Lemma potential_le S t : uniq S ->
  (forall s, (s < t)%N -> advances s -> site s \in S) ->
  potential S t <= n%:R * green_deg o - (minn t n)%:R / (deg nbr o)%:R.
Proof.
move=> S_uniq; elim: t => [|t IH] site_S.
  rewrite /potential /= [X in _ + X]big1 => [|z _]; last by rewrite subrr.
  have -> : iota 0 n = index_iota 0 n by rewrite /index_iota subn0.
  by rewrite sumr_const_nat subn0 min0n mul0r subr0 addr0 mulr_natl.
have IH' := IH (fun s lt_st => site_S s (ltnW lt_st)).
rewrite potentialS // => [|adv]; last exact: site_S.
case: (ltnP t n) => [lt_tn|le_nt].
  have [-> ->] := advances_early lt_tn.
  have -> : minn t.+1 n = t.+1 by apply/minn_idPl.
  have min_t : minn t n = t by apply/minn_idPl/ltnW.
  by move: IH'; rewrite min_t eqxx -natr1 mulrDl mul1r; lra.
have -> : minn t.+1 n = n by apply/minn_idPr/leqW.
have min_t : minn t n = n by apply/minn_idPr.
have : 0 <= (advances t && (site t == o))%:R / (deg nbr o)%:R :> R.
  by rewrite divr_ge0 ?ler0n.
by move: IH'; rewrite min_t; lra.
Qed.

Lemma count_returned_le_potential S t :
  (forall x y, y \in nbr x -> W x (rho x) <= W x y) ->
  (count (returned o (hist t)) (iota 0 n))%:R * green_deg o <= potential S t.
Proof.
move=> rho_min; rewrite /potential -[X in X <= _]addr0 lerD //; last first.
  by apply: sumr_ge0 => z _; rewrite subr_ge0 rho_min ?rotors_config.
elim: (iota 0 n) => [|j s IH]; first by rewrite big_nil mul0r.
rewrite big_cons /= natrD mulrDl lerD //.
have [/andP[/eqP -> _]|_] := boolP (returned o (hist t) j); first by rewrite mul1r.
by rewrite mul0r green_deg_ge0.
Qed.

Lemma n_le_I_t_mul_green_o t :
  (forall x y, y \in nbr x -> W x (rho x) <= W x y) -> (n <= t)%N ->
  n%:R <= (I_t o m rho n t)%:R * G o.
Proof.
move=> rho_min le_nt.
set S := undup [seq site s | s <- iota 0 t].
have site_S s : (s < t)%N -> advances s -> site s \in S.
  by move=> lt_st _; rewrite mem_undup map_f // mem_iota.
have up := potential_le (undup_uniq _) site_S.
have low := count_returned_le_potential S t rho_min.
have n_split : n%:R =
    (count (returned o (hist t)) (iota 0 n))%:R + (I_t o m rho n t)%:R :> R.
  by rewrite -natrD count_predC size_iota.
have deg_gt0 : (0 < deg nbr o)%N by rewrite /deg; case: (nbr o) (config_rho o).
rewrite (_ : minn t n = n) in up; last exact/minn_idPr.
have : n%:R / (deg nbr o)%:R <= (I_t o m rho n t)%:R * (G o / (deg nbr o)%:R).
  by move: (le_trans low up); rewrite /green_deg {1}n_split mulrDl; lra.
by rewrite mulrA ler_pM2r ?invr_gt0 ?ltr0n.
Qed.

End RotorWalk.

========================

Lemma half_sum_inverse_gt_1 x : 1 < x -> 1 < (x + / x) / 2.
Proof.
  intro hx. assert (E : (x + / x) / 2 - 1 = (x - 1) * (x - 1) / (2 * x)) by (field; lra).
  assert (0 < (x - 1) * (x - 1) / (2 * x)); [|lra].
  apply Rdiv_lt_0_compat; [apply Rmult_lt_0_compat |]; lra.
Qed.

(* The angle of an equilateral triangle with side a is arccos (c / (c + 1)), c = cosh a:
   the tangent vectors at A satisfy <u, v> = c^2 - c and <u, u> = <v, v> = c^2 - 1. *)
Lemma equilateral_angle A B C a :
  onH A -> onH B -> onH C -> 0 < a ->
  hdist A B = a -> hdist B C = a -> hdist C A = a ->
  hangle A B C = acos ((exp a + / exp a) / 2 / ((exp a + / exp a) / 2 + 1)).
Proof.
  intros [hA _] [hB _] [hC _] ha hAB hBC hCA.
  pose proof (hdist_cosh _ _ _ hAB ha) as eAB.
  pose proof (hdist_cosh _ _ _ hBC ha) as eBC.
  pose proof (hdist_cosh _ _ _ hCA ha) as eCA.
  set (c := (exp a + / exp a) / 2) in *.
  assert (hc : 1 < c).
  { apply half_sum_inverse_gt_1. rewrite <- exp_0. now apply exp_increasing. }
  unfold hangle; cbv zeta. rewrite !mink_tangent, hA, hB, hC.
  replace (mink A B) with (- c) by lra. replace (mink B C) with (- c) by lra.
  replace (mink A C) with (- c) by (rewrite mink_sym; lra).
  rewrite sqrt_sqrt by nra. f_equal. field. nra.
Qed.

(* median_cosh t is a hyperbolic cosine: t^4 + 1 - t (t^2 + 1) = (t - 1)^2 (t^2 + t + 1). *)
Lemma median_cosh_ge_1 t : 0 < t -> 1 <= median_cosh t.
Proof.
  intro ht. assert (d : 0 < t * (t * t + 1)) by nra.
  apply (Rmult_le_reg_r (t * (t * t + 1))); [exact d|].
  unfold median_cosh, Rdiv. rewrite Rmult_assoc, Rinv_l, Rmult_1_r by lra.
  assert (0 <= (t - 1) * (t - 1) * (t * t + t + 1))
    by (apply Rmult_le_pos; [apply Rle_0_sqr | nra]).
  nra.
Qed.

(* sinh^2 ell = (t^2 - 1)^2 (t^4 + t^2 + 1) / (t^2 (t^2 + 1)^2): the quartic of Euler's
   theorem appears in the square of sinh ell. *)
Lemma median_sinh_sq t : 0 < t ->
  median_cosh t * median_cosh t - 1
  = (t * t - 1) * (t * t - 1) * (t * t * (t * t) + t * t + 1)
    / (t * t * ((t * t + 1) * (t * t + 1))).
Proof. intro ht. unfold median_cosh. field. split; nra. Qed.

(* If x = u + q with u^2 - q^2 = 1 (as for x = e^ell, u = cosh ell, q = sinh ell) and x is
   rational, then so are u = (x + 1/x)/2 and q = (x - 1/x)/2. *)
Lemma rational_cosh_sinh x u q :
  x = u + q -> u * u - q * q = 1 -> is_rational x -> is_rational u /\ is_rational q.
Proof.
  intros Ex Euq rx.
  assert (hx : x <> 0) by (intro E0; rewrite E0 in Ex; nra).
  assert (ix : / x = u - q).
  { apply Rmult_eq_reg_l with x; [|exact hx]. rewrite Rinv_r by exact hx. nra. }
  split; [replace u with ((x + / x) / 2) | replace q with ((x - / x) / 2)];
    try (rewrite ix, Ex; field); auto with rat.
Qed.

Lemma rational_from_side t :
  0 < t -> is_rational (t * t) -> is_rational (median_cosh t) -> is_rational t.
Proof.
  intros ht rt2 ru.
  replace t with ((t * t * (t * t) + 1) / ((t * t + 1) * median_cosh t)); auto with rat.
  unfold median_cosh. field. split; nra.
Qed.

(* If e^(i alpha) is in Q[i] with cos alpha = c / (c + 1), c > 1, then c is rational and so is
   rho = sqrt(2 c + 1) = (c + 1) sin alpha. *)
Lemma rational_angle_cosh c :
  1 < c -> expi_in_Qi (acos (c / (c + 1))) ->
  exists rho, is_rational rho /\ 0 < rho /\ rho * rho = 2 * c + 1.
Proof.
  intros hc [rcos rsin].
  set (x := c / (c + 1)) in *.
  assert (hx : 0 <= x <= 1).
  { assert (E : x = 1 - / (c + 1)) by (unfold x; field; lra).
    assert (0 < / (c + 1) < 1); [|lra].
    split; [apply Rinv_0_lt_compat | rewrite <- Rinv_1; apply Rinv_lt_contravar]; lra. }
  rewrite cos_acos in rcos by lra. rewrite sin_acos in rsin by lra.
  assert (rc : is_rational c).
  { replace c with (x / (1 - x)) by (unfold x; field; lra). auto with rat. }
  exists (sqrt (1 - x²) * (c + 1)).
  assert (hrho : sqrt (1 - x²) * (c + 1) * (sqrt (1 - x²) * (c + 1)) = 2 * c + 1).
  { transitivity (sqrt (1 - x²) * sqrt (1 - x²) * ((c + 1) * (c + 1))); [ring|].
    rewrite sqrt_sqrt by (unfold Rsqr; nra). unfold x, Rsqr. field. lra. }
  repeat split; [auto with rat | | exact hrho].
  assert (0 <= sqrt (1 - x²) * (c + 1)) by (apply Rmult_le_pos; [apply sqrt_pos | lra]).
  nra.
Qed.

========================

# [TASK STATEMENT]
Retype exactly the span of lines from the one with "onH A -> onH B -> onH C -> 0 < a ->" through the one with "assert (0 <= (t"; include both ends and omit the rest of the material.

# [EXERCISE SOLUTION]
  onH A -> onH B -> onH C -> 0 < a ->
  hdist A B = a -> hdist B C = a -> hdist C A = a ->
  hangle A B C = acos ((exp a + / exp a) / 2 / ((exp a + / exp a) / 2 + 1)).
Proof.
  intros [hA _] [hB _] [hC _] ha hAB hBC hCA.
  pose proof (hdist_cosh _ _ _ hAB ha) as eAB.
  pose proof (hdist_cosh _ _ _ hBC ha) as eBC.
  pose proof (hdist_cosh _ _ _ hCA ha) as eCA.
  set (c := (exp a + / exp a) / 2) in *.
  assert (hc : 1 < c).
  { apply half_sum_inverse_gt_1. rewrite <- exp_0. now apply exp_increasing. }
  unfold hangle; cbv zeta. rewrite !mink_tangent, hA, hB, hC.
  replace (mink A B) with (- c) by lra. replace (mink B C) with (- c) by lra.
  replace (mink A C) with (- c) by (rewrite mink_sym; lra).
  rewrite sqrt_sqrt by nra. f_equal. field. nra.
Qed.

(* median_cosh t is a hyperbolic cosine: t^4 + 1 - t (t^2 + 1) = (t - 1)^2 (t^2 + t + 1). *)
Lemma median_cosh_ge_1 t : 0 < t -> 1 <= median_cosh t.
Proof.
  intro ht. assert (d : 0 < t * (t * t + 1)) by nra.
  apply (Rmult_le_reg_r (t * (t * t + 1))); [exact d|].
  unfold median_cosh, Rdiv. rewrite Rmult_assoc, Rinv_l, Rmult_1_r by lra.
  assert (0 <= (t - 1) * (t - 1) * (t * t + t + 1))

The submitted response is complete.